Task statement:
Look in the material below for the line holding "Open Scope R_scope.". Set it down exactly, with each later line up to and including the line holding "xtree -> xtree.".

Data shown:
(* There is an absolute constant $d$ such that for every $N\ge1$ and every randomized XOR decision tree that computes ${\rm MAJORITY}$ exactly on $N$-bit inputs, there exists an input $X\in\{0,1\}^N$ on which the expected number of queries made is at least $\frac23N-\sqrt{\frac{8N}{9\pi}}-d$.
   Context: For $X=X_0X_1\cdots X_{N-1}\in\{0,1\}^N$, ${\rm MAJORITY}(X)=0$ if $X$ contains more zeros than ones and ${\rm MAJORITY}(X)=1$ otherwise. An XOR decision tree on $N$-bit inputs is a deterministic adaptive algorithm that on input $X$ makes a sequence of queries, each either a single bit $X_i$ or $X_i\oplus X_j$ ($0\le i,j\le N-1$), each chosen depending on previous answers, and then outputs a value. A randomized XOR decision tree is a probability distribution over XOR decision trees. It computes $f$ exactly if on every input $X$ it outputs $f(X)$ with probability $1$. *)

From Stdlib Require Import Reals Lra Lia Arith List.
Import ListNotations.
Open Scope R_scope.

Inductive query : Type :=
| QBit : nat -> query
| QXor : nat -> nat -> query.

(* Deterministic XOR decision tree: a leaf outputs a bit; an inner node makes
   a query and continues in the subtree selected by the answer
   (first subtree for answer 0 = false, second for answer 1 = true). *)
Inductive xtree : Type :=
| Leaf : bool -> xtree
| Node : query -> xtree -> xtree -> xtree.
---
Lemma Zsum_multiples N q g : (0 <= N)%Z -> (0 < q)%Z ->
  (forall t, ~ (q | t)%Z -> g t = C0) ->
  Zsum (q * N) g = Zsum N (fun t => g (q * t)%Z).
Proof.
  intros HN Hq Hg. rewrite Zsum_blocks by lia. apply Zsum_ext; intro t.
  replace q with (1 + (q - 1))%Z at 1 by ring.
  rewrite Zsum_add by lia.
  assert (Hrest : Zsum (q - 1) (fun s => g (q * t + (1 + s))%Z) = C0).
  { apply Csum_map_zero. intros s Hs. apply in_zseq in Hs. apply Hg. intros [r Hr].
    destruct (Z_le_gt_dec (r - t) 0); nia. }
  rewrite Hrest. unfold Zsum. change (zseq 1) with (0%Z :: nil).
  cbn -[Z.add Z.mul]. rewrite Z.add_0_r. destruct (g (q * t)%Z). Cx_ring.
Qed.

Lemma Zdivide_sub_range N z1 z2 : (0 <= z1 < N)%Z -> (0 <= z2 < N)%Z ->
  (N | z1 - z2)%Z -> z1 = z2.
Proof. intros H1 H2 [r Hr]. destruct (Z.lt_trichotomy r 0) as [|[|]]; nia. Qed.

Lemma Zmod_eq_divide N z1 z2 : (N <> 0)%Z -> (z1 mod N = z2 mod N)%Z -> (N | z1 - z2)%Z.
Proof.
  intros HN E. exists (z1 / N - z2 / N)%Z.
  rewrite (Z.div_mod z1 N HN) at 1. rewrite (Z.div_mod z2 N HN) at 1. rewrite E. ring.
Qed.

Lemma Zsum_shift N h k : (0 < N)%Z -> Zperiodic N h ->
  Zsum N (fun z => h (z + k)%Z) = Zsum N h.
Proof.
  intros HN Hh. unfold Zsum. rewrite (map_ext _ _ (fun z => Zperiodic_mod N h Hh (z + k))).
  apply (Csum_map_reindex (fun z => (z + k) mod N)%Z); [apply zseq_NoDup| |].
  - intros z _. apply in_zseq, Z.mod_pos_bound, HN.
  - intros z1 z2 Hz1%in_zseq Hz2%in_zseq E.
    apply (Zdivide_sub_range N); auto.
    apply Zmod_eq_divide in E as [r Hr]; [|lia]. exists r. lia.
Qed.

Result of this task:
Open Scope R_scope.

Inductive query : Type :=
| QBit : nat -> query
| QXor : nat -> nat -> query.

(* Deterministic XOR decision tree: a leaf outputs a bit; an inner node makes
   a query and continues in the subtree selected by the answer
   (first subtree for answer 0 = false, second for answer 1 = true). *)
Inductive xtree : Type :=
| Leaf : bool -> xtree
| Node : query -> xtree -> xtree -> xtree.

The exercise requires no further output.